A potential strike affecting ports along the East and Gulf coasts could lead to increased prices for various consumer goods, such as food and autos. However, the broader impacts are expected to be modest as long as the strike does not persist for an extended period. Manufacturers of items ranging from trucks to toys are facing challenges due to the stoppage called by the International Longshoremen’s Association at major Eastern container and cargo ports.
The duration of the strike will determine its overall impact. President Joe Biden has the authority, under the Taft-Hartley Act, to intervene and order an 80-day cooling-off period to temporarily halt the stoppage. However, it is uncertain whether he will exercise this power. Negotiators for the union and the U.S. Maritime Alliance are tasked with avoiding prolonged disruptions that could further strain the U.S. economy, especially as the critical holiday shipping season approaches.
According to RSM’s chief economist, Joseph Brusuelas, a labor action by port workers could result in a slight decrease in GDP, with a weekly impact of just over 0.1 percentage point and $4.3 billion in lost imports and exports. Despite this, the strike is not expected to significantly alter the current growth trajectory of the U.S. economy, which has been steadily expanding over the past two years.
While the U.S. economy has been resilient, a prolonged work stoppage could pose a threat. Various industries, including coal, energy, and agriculture, could be significantly affected. The costs of the strike would escalate over time, leading to shortages of certain products and potential price increases for manufactured goods like autos.
There are some mitigating factors that could lessen the impact of the strike. West Coast ports may absorb some of the diverted freight traffic, and some companies have already stockpiled goods in anticipation of the stoppage. Additionally, supply chain disruptions, which were prevalent during the pandemic, have eased and are currently below pre-Covid levels.

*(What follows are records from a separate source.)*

Lemma exits_from_F2 w : w \in F2 ->
  edges_between G (comp A w) R \subset edges_between G (K2 w) R.
Proof.
move=> wF2; apply/subsetP => e /edges_betweenP [x [y [eG j xK yR]]].
have [yF1 yF2] : y \notin F1 /\ y \notin F2.
  by case/setDP: yR => _; rewrite !inE !negb_or => /andP[_ /andP[-> ->]].
case: (reach_from_F2 wF2 (comp_connect xK)) => [xK2|[xF1 [e' [x' [y' [e'G j' x'K y'K]]]]]].
  by apply/edges_betweenP; exists x, y.
have ee' : e = e'.
  apply: (K1_exit_unique xF1); apply/edges_betweenP.
    by exists x, y; split; rewrite ?K1_refl ?(subsetP R_sub_R1).
  by exists x', y'; split; rewrite ?F2_R1 ?(mem_comp_induced y'K).
subst e'; case: (joins_other j' j) => yE; [move: yF1 | move: yF2]; rewrite yE.
  by rewrite (mem_comp_induced x'K).
by rewrite (mem_comp_induced y'K).
Qed.

Lemma comp_sub_K1 v : v \in F1 -> (forall u, connect (adj A) v u -> u \notin F2) ->
  comp A v \subset K1 v.
Proof.
move=> vF1 noF2; apply/subsetP => u /comp_connect; move: u.
apply: connect_ind => [|a b cva ab].
  exact: K1_refl.
move: (ab); rewrite adj_induced => /and3P[/adjP[e eG j] _ bF] aK; apply: K1_step aK eG j _.
by move: bF; rewrite inE (negbTE (noF2 b (connect_trans cva (connect1 ab)))) orbF.
Qed.

Lemma exits_compose K : is_component A K -> e_between G K R <= 1.
Proof.
case=> v vA ->; rewrite e_betweenE.
case: (pickP (fun w => connect (adj A) v w && (w \in F2))) => [w /andP[cvw wF2]|noF2].
  have wV : w \in gV G by case/setDP: (F2_R1 wF2).
  have wK : w \in comp A v by rewrite inE cvw !inE wV wF2 orbT.
  rewrite -(comp_eq wK); apply: leq_trans (subset_leq_card (exits_from_F2 wF2)) _.
  by apply: exits2; apply: is_component_comp; rewrite inE wV.
have noF2' u : connect (adj A) v u -> u \notin F2.
  by move=> cvu; move: (noF2 u); rewrite cvu /= => ->.
have vF1 : v \in F1.
  by move: vA; rewrite !inE (negbTE (noF2' v (connect0 _ _))) orbF => /andP[].
apply: (leq_trans _ (exits1 (K1_component vF1))).
rewrite e_betweenE; apply: subset_leq_card.
exact: edges_betweenS (comp_sub_K1 vF1 noF2') R_sub_R1.
Qed.
Lemma lam_lt_near0 (K : WO) (G : LOAG) : in_Gkappa K G -> infinite_card K ->
  forall r, r <> arc_bot G -> exists2 delta, Glt (G0 G) delta &
    forall a, Gle (G0 G) a -> Glt a delta -> ltS (@arc_le G) (lam a) r.
Proof.
move=> chiK infK r r_bot; have [e e_gt0 r_e] := ArcB_lam_gt0 r_bot; subst r.
have [delta delta_gt0 delta_e] := exists_Gll chiK infK e_gt0.
exists delta => // a a_ge0 a_delta.
case: (pselect (a = G0 G)) => [-> | a_neq0]; first exact: arc_bot_lt r_bot.
apply: lam_lt_of_Gll; first exact: Glt0_of_neq0.
by move=> n n1; apply: Gle_lt_trans (Gnmul_le n a_delta.1) (delta_e n n1).
Qed.

Lemma lam_Gmetric_ultrametric (X : Type) (G : LOAG) (d : X -> X -> G) :
  is_Gmetric d -> is_ultrametric (@arc_le G) (arc_bot G) (fun x y => lam (d x y)).
Proof.
move=> [d0 [d_ge0 [dC d_tri]]]; split; last split.
- by move=> x y; apply: iff_trans (lam_eq_bot _) (d0 x y).
- by move=> x y; rewrite dC.
- by move=> x y z; apply: lam_le_max (d_tri x y z).
Qed.

Lemma lam_Gmetric_unif_equiv (K : WO) (X : Type) (G : LOAG) (d : X -> X -> G) :
  in_Gkappa K G -> infinite_card K -> is_Gmetric d ->
  unif_equiv (@arc_le G) (arc_bot G) d (fun x y => lam (d x y)).
Proof.
move=> chiK infK [_ [d_ge0 _]]; split=> eps.
- move=> eps_bot; have [delta delta_gt0 small] := lam_lt_near0 chiK infK eps_bot.
  by exists delta; split=> // x y; apply: small.
- move=> eps_gt0; exists (lam eps); split; first by move/lam_eq_bot; apply: Glt0_neq0.
  by move=> x y; apply: lt_of_lam_lt.
Qed.

Lemma Ult_of_Met_unif_equiv (X : topologicalType) (G : LOAG) (S : Type)
    (leS : S -> S -> Prop) (botS : S) (d : X -> X -> G) (e : X -> X -> S) :
  Met d -> is_ultrametric leS botS e -> unif_equiv leS botS d e -> Ult leS botS e.
Proof.
move=> [_ d_open] e_ultra [de ed]; split=> // U; rewrite d_open.
split=> ballU x /ballU.
- case=> r [r_gt0 rU]; have [delta [delta_bot delta_r]] := ed r r_gt0.
  by exists delta; split=> // y /delta_r /rU.
- case=> r [r_bot rU]; have [delta [delta_gt0 delta_r]] := de r r_bot.
  by exists delta; split=> // y /delta_r /rU.
Qed.

Theorem lemma2p35 (X : topologicalType) (K : WO) (G : LOAG)
  (d : X -> X -> G) :
  has_infinite_metrizable_gauge X ->
  regular_card K ->
  in_MG X K ->
  in_Gkappa K G ->
  Met d ->
  Ult (@arc_le G) (arc_bot G) (fun x y => lam (d x y)) /\
  unif_equiv (@arc_le G) (arc_bot G) d (fun x y => lam (d x y)).
Proof.
move=> _ [_ [infK _]] _ chiK d_met.
have d_unif := lam_Gmetric_unif_equiv chiK infK d_met.1.
split=> //; exact: Ult_of_Met_unif_equiv d_met (lam_Gmetric_ultrametric d_met.1) d_unif.
Qed.
(* Let $p$ be a prime and $\Gamma_p=T^{p-1}\rtimes_\rho C_p$. Then: (1) for every $t\in T^{p-1}$ the element $ta$ has order $p$, and the subgroup $\langle ta\rangle$ is conjugate in $\Gamma_p$ to $C_p=\langle a\rangle$; (2) the centre of $\Gamma_p$ is $Z(\Gamma_p)=\langle(\xi_p,\xi_p^2,\dots,\xi_p^{p-1})\rangle\le T^{p-1}$, where $\xi_p=e^{2\pi\sqrt{-1}/p}$; (3) the normaliser of $C_p$ in $\Gamma_p$ is $N_{\Gamma_p}(C_p)=Z(\Gamma_p)\times C_p$.
   Context: Let $a$ be a fixed generator of $C_p$. $\Gamma_p=T^{p-1}\rtimes_\rho C_p$ is the semidirect product in which $a t a^{-1}=\rho(a)(t)$, where for $t=(t_1,\dots,t_{p-1})\in T^{p-1}$, $\rho(a)(t)=(t_{p-1}^{-1},\,t_1t_{p-1}^{-1},\,t_2t_{p-1}^{-1},\dots,t_{p-2}t_{p-1}^{-1})$. *)

From HB Require Import structures.
From mathcomp Require Import all_boot all_order all_algebra.
From mathcomp Require Import complex.
From mathcomp Require Import reals trigo.
Set Implicit Arguments. Unset Strict Implicit. Unset Printing Implicit Defensive.
Import Order.TTheory GRing.Theory Num.Theory.
Local Open Scope ring_scope.

(* Elements of T^(n) are n-tuples of complex numbers of modulus 1. *)
Definition inT (R : realType) (z : R[i]) : bool := `|z| == 1.

Definition tmul (R : realType) n (t s : n.-tuple R[i]) : n.-tuple R[i] :=
  [tuple t`_i * s`_i | i < n].
Definition tinv (R : realType) n (t : n.-tuple R[i]) : n.-tuple R[i] :=
  [tuple (t`_i)^-1 | i < n].
Definition tone (R : realType) n : n.-tuple R[i] := [tuple 1 | i < n].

Despite concerns about economic repercussions, some analysts believe that the fears may be overstated. Producers have become more cautious in managing inventories due to previous supply chain disruptions, potentially minimizing the effects of a strike. There is speculation that the White House may intervene to invoke a cooling-off period to prevent prolonged disruptions.
The strike could complicate the Federal Reserve’s decision-making process, particularly regarding interest rate adjustments. The upcoming jobs report and the looming presidential election add further complexity to the economic landscape. The strike’s impact on inflation and supply chains could influence the Fed’s future policy decisions, as it aims to navigate through uncertain economic conditions.